[Exercise prompt]:
Find how many lines in this data contain the string "bool". Respond with only that number.
------------------------------------------------------------------------
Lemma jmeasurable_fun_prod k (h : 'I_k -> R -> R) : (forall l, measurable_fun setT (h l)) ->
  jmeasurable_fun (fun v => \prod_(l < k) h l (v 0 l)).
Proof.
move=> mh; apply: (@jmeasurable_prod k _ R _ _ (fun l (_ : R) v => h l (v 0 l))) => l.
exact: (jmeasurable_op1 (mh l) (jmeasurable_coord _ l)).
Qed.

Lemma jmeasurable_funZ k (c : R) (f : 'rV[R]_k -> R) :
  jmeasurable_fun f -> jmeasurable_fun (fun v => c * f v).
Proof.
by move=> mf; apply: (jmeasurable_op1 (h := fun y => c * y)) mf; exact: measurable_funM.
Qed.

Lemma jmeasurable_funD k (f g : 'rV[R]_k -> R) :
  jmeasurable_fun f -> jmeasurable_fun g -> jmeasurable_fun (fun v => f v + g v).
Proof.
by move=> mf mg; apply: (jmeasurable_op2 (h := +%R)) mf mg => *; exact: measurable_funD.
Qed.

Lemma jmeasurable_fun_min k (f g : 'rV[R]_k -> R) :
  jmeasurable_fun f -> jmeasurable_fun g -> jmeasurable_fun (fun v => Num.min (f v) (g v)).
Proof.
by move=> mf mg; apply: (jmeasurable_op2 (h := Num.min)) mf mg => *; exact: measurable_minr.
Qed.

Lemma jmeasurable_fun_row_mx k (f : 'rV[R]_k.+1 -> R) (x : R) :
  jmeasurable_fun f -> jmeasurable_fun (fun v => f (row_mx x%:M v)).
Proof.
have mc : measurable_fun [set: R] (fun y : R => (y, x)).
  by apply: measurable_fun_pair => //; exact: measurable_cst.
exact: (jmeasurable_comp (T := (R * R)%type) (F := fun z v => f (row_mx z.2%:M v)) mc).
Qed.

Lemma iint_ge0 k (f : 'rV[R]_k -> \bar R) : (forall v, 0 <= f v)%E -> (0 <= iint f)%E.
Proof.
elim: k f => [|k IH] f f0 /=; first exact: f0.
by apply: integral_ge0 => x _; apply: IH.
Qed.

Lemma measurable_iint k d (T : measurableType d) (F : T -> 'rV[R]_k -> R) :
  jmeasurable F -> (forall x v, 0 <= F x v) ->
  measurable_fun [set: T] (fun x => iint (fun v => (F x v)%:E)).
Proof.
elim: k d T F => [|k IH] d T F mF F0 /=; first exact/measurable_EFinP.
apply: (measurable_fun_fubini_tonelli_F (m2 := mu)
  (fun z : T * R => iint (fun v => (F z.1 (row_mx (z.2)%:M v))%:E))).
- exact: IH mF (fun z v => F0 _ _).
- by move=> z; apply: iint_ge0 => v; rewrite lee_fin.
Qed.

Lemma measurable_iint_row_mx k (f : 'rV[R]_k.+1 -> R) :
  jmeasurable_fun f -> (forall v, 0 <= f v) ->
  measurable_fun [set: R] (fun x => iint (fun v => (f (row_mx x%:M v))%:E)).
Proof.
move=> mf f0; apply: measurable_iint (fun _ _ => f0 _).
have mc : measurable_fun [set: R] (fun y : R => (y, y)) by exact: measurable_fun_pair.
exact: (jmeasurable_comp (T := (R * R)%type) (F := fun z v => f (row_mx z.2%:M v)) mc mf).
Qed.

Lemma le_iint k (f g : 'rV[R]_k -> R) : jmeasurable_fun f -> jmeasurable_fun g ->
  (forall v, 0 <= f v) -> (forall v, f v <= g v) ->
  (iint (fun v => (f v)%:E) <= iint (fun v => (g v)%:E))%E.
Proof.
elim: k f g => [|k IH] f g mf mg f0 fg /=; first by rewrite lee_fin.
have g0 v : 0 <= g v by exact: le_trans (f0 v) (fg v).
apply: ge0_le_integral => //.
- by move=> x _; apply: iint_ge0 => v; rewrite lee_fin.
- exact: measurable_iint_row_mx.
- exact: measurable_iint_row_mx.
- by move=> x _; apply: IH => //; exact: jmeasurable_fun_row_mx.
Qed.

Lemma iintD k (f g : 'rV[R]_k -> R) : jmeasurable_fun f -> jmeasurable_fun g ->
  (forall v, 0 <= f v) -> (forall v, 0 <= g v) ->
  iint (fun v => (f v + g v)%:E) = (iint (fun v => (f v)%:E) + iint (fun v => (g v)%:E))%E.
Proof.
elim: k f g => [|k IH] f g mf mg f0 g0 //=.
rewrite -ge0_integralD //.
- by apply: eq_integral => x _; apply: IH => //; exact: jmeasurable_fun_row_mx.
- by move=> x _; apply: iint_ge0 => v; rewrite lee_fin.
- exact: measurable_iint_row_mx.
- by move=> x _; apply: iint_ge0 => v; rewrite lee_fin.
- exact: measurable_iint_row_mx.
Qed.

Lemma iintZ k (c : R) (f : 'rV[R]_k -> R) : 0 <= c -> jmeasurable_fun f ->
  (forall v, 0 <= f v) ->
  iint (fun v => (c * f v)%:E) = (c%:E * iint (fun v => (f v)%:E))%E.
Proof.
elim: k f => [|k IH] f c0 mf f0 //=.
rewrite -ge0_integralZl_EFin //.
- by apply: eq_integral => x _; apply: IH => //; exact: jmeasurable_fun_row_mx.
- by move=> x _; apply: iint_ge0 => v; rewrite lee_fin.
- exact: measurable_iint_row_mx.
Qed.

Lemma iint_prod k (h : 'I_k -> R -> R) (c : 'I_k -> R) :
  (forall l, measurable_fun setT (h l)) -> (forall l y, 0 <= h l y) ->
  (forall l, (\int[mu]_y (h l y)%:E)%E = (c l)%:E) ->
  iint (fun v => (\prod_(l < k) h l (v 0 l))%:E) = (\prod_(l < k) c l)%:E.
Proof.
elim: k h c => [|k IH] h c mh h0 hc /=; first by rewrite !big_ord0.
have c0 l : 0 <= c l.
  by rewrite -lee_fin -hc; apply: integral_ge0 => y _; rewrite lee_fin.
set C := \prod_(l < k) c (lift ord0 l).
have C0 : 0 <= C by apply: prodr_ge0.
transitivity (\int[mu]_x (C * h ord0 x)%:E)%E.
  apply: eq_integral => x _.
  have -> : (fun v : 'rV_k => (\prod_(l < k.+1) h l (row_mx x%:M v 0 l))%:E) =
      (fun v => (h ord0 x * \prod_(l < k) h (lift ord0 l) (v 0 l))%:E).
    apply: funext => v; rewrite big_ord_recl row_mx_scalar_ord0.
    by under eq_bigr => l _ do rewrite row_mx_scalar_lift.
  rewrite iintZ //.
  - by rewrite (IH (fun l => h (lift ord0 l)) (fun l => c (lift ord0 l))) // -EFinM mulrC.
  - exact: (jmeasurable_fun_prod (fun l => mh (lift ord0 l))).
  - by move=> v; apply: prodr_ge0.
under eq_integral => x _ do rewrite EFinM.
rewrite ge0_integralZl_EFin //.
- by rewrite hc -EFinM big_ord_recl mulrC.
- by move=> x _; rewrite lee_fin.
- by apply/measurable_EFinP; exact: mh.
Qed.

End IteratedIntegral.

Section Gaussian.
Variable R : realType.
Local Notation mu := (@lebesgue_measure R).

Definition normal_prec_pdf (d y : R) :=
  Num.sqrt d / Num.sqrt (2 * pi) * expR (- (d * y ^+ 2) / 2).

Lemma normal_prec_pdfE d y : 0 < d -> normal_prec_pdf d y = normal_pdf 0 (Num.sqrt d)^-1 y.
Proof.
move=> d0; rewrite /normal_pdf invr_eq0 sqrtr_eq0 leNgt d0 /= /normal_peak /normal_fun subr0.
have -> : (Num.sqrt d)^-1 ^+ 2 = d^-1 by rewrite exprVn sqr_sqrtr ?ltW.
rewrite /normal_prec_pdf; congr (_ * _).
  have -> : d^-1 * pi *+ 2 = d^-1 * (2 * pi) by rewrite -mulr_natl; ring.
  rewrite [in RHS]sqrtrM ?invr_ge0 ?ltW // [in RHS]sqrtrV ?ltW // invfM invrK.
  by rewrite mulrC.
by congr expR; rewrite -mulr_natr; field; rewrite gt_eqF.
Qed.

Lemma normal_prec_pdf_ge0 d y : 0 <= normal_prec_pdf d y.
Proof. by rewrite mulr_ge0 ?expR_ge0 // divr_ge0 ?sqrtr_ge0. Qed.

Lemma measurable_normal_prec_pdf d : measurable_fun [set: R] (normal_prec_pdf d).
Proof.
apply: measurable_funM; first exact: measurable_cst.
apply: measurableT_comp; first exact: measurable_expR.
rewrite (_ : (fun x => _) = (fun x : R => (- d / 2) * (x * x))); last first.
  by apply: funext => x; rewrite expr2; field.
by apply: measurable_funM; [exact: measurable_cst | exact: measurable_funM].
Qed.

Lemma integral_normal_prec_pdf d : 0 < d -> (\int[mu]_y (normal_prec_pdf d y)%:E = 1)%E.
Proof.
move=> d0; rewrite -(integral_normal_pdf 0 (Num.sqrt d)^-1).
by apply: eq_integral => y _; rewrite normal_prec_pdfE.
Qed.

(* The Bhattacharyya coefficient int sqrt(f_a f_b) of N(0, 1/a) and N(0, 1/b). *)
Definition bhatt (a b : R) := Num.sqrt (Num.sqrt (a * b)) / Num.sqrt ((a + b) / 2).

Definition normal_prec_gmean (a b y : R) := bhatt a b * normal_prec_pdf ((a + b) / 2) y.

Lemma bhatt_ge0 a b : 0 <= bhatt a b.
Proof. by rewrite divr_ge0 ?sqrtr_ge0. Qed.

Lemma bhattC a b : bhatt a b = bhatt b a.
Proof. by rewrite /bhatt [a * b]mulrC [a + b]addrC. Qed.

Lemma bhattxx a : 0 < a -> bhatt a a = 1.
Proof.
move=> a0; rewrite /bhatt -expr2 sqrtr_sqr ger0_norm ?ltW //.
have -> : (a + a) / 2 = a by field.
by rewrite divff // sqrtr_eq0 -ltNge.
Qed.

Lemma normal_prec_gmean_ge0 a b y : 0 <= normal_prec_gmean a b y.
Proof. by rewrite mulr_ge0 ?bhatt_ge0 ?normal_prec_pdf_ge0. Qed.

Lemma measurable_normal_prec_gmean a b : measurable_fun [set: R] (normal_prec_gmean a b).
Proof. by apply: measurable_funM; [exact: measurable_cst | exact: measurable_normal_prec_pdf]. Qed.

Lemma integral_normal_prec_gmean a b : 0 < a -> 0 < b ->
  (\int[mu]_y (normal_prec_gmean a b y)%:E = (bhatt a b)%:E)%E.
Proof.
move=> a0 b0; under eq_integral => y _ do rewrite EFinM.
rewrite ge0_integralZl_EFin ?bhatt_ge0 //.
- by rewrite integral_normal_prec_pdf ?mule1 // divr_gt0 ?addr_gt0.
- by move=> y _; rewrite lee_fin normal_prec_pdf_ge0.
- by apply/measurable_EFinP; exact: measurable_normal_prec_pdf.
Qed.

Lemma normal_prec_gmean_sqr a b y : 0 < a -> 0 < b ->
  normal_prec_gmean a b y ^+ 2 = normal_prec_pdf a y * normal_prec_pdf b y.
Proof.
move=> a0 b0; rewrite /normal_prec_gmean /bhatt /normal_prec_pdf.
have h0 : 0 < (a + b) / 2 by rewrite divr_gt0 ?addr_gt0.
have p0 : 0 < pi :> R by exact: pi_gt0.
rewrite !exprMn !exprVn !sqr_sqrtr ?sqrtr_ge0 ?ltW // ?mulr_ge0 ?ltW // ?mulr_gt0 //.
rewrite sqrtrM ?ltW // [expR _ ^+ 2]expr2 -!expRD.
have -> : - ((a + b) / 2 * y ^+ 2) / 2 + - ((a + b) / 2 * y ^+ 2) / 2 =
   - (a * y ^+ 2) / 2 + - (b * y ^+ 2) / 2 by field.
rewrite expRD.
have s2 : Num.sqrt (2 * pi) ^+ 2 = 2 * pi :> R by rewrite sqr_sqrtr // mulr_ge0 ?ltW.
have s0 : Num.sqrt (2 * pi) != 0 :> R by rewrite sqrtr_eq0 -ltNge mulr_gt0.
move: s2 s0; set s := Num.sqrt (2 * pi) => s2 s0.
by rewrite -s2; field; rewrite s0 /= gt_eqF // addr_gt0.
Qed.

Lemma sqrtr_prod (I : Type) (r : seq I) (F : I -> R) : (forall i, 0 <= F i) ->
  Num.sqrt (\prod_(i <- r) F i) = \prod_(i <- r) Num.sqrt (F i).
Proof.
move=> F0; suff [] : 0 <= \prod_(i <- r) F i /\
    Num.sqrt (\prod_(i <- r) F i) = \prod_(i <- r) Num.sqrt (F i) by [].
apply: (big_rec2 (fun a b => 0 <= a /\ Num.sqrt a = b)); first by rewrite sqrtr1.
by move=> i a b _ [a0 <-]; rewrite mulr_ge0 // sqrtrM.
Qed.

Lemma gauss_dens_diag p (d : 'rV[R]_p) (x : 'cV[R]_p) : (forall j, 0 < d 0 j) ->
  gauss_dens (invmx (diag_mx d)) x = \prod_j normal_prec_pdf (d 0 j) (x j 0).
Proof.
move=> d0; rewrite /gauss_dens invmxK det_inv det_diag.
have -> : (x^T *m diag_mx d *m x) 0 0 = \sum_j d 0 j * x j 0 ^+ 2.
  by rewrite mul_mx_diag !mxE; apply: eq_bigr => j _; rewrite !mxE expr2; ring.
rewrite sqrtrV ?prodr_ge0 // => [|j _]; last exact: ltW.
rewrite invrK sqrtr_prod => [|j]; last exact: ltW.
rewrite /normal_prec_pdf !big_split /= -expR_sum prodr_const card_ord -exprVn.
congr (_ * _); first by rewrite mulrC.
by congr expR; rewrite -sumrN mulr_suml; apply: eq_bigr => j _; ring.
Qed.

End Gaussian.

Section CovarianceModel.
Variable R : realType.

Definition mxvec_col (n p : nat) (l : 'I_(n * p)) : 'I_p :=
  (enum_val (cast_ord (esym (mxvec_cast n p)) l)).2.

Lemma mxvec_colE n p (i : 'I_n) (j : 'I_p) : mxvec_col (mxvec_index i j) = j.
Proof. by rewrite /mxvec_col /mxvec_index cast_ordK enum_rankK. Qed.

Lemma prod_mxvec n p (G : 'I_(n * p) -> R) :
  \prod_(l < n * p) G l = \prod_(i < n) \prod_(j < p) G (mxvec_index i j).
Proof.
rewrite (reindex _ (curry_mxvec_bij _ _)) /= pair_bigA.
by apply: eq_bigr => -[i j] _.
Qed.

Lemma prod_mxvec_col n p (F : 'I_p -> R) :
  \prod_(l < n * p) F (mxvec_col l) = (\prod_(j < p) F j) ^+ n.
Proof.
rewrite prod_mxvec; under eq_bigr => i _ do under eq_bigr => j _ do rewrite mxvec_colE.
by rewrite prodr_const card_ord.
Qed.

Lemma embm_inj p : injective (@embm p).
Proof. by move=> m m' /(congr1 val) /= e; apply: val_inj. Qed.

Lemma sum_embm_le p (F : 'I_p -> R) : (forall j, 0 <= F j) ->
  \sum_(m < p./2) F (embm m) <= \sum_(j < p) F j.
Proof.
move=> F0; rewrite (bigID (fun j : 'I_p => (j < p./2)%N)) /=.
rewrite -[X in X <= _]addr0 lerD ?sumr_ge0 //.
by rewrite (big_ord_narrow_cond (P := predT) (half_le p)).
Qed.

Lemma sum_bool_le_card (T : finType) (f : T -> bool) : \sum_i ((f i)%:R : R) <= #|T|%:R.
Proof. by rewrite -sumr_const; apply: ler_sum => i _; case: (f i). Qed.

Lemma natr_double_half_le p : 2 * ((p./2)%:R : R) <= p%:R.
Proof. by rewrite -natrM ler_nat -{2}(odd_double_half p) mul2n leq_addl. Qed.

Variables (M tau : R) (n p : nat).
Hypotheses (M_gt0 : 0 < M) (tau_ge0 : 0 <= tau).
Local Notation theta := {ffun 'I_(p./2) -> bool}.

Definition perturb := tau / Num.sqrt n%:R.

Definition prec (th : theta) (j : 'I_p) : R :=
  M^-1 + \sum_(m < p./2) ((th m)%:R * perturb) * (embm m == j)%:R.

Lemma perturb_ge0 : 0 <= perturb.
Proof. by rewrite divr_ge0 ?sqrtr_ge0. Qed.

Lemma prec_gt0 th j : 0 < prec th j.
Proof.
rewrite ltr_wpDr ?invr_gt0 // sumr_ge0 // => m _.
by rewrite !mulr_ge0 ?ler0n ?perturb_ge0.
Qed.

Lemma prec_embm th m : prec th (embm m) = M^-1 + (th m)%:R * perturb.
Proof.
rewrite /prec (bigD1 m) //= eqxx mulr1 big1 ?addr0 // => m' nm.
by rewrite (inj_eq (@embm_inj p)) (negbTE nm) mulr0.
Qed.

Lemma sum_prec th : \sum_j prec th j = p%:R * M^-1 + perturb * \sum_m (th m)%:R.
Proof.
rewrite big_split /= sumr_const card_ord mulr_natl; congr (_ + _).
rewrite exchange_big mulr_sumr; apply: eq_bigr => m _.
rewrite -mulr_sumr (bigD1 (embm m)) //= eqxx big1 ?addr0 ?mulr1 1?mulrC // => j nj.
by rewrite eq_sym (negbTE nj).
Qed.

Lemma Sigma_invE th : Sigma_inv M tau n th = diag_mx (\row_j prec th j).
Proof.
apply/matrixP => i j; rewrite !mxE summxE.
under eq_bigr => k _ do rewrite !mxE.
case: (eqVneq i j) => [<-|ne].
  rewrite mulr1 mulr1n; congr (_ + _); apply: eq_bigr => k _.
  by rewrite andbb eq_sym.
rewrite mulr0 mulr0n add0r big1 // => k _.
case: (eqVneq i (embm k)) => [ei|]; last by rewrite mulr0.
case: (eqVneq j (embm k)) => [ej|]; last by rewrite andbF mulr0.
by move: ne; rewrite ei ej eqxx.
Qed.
------------------------------------------------------------------------
[Written solution]:
2